• [Prompt]: Lines to restate from the data below: from the one containing "Lemma c3_le_c2 : c3 N <= c2 N." to the one containing "have [b [b_dual", both included. Give them again exactly, and only them.

• [Data]:

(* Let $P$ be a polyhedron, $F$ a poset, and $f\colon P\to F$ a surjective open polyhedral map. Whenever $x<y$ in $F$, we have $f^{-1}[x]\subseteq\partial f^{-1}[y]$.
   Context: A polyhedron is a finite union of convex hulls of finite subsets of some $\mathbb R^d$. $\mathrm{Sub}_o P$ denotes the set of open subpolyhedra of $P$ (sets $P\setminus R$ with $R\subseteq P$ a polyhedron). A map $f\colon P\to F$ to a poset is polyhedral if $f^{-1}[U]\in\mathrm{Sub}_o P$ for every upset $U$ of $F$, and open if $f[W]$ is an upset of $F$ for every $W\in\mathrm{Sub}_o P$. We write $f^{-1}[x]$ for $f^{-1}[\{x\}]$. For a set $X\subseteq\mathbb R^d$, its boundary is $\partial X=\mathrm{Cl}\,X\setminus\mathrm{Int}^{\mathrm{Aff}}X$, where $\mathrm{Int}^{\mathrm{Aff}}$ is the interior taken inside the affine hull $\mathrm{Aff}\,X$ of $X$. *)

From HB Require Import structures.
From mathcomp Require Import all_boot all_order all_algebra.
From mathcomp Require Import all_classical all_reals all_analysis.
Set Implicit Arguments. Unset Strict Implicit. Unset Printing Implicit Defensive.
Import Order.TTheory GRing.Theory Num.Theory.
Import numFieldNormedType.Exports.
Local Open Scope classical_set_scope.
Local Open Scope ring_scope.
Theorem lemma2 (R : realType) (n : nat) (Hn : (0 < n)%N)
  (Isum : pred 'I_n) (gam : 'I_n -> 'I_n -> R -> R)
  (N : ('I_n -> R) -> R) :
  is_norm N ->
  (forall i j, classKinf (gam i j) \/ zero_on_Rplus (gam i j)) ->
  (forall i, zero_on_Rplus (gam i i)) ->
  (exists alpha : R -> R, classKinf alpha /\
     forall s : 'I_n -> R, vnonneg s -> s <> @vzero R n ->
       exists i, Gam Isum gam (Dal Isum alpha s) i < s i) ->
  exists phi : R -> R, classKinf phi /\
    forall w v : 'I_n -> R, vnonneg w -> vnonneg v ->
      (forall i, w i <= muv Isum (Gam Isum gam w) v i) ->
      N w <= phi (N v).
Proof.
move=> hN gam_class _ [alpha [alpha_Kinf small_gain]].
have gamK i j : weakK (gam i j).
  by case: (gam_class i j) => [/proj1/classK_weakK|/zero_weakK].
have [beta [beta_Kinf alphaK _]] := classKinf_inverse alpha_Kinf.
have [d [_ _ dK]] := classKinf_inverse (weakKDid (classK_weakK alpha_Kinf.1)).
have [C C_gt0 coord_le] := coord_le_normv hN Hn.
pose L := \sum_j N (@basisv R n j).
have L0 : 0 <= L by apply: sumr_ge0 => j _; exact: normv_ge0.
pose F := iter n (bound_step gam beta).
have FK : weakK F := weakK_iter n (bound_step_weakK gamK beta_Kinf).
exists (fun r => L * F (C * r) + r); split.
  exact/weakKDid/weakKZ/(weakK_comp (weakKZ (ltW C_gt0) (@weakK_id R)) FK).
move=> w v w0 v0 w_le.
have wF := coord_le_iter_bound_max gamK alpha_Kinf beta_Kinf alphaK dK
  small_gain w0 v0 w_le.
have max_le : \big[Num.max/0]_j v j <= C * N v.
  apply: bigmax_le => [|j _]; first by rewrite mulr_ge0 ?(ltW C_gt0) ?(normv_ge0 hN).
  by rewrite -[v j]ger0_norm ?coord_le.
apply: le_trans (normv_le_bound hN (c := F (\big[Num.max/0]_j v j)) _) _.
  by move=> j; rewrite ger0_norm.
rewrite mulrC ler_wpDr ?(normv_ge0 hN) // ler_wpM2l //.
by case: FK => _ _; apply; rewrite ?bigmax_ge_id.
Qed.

==

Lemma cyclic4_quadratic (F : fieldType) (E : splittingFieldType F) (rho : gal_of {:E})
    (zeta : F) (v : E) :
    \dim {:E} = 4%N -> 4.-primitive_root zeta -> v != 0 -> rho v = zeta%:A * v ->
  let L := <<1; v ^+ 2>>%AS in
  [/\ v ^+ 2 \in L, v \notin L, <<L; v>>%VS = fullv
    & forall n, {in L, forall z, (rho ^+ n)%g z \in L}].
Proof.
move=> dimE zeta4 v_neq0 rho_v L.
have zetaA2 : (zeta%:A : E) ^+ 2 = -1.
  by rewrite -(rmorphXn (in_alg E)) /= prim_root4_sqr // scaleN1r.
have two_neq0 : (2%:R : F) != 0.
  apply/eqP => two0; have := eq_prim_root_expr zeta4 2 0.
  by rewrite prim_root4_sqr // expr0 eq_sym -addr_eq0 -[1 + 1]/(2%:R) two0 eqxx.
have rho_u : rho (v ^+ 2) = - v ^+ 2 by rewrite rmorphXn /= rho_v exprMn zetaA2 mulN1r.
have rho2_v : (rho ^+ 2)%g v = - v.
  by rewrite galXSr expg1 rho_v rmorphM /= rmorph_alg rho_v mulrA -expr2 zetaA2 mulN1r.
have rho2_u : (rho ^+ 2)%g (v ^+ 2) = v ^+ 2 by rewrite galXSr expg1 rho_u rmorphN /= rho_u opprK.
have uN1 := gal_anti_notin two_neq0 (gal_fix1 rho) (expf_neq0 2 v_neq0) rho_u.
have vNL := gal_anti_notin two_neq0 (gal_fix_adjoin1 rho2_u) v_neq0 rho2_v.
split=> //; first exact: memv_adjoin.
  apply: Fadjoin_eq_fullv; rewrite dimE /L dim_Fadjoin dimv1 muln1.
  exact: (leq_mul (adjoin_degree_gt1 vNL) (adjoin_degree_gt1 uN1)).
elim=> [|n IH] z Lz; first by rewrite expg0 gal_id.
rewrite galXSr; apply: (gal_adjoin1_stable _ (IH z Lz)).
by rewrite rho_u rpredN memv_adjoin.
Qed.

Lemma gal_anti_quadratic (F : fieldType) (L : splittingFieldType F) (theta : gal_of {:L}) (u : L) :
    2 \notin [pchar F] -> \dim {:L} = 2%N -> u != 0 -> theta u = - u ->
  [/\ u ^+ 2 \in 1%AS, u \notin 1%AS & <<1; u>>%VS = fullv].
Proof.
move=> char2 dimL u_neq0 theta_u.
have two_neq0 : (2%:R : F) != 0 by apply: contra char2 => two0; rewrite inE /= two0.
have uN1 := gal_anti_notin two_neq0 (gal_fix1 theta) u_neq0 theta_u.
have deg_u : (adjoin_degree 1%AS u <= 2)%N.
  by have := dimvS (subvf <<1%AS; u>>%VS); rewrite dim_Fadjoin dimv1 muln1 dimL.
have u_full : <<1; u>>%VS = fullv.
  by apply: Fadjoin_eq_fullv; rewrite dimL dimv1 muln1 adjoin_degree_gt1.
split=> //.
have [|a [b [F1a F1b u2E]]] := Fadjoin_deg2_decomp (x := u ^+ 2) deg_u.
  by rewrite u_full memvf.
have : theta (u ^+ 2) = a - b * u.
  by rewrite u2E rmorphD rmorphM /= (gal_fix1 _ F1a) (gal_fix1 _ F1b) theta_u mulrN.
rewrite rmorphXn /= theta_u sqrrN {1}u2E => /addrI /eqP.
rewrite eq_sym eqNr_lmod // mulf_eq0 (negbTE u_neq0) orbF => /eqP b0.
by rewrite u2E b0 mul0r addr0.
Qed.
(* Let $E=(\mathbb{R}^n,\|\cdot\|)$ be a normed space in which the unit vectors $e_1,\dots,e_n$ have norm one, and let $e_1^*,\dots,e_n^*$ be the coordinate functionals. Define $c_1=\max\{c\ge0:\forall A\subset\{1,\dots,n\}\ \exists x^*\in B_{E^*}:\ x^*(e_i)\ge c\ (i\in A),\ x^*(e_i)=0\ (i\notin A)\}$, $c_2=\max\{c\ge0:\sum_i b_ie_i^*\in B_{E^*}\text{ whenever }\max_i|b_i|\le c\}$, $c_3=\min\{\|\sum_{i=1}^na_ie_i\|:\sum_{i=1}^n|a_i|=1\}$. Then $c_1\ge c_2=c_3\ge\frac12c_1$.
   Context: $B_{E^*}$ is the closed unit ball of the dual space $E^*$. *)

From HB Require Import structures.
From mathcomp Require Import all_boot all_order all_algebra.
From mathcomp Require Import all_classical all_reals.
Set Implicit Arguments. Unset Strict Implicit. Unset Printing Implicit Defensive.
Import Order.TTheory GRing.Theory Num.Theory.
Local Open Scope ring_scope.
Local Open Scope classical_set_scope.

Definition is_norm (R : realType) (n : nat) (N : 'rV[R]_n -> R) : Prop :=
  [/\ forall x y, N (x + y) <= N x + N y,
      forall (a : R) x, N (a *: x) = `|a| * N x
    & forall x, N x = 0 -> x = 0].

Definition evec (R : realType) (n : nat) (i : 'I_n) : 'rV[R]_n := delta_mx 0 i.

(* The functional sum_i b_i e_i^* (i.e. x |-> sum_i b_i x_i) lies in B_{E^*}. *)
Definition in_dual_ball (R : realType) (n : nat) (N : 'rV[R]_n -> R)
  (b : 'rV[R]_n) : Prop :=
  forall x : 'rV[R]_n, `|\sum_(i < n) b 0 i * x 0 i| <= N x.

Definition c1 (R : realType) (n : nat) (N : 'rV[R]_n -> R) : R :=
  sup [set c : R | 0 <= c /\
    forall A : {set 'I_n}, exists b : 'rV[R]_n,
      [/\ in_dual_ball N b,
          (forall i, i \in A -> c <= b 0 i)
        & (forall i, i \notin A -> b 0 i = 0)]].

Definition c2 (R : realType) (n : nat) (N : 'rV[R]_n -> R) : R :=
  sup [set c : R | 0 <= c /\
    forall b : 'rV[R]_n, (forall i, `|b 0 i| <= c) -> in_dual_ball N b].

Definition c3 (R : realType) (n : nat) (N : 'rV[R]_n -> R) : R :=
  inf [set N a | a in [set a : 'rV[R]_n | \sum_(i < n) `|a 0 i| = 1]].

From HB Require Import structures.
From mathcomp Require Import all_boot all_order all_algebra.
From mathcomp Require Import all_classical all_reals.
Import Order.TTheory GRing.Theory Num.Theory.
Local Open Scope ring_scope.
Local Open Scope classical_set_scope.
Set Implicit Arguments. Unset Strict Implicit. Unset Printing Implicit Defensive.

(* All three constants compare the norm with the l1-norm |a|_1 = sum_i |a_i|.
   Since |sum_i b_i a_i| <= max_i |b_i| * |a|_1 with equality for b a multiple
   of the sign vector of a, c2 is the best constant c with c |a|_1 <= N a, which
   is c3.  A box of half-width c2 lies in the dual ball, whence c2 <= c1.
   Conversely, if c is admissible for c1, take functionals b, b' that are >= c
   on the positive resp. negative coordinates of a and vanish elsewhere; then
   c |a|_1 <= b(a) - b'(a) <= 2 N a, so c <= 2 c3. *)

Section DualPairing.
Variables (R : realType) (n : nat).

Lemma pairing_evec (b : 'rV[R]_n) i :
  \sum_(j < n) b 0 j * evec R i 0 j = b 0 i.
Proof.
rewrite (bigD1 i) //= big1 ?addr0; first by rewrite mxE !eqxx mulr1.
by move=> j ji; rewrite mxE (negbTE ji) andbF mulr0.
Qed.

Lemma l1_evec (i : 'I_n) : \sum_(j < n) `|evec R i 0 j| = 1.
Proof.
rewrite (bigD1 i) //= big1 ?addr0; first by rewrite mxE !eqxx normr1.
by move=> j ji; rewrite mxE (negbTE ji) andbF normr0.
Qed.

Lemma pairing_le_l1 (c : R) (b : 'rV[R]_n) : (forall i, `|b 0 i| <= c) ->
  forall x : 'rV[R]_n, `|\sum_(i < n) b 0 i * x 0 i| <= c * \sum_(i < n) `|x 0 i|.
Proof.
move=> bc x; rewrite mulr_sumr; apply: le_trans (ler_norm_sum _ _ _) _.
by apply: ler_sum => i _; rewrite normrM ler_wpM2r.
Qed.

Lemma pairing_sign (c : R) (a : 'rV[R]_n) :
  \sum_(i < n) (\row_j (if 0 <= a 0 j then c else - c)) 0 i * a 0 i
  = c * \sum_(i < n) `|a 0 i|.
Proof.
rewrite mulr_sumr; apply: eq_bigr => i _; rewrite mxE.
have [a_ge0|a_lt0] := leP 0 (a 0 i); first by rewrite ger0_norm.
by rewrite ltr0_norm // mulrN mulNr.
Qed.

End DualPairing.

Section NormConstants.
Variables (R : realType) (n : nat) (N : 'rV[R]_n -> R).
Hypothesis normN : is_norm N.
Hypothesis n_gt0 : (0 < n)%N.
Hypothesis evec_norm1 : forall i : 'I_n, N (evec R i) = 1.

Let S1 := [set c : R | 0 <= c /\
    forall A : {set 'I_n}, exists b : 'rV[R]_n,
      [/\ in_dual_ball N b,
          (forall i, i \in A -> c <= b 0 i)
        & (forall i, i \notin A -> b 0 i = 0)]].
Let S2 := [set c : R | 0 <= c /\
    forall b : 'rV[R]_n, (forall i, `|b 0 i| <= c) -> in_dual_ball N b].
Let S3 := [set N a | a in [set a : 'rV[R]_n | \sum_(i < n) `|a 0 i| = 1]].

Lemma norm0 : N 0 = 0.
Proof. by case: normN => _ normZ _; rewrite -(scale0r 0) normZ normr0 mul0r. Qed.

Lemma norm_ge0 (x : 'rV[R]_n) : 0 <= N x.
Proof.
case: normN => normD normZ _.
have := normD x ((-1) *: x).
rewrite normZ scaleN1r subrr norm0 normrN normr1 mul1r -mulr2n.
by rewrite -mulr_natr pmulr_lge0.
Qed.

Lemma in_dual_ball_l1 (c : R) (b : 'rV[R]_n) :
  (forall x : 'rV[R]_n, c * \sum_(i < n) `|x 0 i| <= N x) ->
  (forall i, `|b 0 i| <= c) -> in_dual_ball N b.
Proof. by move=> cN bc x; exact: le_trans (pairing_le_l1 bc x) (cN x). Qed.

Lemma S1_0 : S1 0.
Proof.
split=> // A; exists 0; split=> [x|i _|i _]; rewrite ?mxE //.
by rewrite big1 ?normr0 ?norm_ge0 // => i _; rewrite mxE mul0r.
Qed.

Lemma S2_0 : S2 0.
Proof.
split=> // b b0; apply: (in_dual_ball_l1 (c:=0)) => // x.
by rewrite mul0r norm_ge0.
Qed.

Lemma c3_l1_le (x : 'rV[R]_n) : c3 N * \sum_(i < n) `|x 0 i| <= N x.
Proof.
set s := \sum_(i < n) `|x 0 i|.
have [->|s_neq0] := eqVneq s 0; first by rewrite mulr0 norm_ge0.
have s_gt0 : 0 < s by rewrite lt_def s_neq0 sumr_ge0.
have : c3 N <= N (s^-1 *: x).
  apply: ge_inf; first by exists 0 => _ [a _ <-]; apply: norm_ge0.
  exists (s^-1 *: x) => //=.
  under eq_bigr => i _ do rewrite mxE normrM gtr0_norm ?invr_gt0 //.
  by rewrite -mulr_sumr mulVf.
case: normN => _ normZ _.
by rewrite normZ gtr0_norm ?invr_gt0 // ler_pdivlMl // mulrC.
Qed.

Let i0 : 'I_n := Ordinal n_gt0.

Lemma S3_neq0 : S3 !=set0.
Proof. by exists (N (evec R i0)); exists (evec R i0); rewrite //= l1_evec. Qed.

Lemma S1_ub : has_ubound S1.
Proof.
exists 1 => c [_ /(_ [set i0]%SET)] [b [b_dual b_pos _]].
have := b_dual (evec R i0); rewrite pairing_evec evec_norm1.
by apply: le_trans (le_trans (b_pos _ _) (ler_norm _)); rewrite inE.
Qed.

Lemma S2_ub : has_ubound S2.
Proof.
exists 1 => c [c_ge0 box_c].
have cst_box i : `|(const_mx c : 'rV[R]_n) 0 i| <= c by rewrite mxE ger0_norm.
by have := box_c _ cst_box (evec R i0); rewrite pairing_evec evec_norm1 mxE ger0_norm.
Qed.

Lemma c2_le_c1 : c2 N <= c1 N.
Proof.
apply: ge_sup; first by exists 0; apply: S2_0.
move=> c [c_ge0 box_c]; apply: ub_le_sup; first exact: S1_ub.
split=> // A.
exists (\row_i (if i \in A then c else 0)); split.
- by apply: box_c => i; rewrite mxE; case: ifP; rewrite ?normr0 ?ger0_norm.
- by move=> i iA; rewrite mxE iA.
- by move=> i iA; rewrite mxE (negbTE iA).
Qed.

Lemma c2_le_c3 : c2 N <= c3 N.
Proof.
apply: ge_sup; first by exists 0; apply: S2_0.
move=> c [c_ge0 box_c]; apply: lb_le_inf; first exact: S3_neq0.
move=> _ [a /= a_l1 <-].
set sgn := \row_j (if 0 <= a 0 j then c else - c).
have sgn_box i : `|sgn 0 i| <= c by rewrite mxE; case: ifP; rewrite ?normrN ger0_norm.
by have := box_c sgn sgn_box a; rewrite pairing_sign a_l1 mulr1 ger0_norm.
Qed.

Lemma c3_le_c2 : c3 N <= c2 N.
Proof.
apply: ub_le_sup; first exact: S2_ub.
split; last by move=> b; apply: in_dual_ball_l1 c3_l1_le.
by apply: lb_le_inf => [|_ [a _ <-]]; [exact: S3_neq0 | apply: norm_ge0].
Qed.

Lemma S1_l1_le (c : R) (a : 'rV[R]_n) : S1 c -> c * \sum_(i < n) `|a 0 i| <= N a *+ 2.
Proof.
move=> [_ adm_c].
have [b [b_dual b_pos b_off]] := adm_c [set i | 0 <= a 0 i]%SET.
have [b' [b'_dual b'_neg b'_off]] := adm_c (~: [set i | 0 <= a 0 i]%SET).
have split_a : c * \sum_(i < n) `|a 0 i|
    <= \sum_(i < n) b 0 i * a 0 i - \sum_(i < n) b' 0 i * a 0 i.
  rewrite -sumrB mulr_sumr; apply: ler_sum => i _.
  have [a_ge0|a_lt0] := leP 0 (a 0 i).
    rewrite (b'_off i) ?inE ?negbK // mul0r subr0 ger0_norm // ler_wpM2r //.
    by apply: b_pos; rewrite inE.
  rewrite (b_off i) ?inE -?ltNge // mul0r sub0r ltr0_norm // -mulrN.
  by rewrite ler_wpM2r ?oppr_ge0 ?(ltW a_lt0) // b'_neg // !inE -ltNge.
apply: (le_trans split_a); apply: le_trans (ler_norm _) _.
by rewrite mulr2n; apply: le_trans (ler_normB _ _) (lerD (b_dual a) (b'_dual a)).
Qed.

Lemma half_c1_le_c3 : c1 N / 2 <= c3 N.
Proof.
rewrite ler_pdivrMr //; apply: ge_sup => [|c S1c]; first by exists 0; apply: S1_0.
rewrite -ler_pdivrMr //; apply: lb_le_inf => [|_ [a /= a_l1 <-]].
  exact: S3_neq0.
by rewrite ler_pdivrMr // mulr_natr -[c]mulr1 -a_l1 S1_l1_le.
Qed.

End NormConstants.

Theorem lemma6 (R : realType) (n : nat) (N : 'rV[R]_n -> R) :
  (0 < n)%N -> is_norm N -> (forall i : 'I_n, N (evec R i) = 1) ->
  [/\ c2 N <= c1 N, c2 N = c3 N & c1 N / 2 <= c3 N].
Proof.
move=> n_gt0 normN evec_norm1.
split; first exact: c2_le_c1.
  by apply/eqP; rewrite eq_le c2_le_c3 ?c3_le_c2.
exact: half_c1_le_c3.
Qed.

* * *

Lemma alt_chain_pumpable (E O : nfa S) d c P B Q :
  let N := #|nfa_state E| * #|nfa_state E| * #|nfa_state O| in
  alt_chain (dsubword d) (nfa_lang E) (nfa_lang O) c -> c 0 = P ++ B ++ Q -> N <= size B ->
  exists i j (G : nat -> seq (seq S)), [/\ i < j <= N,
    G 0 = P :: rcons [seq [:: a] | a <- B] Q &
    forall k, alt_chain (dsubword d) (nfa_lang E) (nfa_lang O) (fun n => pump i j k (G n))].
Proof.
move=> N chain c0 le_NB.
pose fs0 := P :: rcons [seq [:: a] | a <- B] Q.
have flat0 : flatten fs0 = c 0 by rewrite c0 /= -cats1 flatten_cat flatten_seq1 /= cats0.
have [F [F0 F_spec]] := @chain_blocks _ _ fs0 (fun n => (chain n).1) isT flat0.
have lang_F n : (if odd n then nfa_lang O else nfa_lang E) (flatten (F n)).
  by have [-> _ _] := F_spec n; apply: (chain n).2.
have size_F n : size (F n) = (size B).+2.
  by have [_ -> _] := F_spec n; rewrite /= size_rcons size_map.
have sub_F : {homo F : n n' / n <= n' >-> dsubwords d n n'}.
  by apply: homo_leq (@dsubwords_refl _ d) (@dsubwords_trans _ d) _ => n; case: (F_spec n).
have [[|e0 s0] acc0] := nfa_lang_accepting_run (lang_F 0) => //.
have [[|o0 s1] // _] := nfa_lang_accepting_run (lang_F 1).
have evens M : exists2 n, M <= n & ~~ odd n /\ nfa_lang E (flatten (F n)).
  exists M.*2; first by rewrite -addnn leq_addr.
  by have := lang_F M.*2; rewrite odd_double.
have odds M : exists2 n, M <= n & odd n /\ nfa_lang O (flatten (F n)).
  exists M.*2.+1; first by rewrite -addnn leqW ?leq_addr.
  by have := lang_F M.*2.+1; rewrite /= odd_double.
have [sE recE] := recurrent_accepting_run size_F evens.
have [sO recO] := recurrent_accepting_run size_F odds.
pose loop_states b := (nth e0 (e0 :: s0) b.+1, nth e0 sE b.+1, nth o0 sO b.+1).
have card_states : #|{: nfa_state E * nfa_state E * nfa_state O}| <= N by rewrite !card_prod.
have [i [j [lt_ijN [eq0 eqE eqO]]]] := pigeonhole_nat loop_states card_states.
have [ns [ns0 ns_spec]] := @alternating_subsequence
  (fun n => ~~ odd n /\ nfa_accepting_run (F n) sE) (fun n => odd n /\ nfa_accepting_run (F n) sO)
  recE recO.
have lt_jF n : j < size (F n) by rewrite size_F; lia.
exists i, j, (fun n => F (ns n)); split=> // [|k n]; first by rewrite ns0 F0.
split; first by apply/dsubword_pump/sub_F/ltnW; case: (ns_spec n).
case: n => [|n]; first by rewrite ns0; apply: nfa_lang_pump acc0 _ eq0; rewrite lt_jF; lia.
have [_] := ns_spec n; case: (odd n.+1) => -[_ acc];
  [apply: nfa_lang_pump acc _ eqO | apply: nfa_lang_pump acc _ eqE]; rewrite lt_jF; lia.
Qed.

• [Written reply]:
Lemma c3_le_c2 : c3 N <= c2 N.
Proof.
apply: ub_le_sup; first exact: S2_ub.
split; last by move=> b; apply: in_dual_ball_l1 c3_l1_le.
by apply: lb_le_inf => [|_ [a _ <-]]; [exact: S3_neq0 | apply: norm_ge0].
Qed.

Lemma S1_l1_le (c : R) (a : 'rV[R]_n) : S1 c -> c * \sum_(i < n) `|a 0 i| <= N a *+ 2.
Proof.
move=> [_ adm_c].
have [b [b_dual b_pos b_off]] := adm_c [set i | 0 <= a 0 i]%SET.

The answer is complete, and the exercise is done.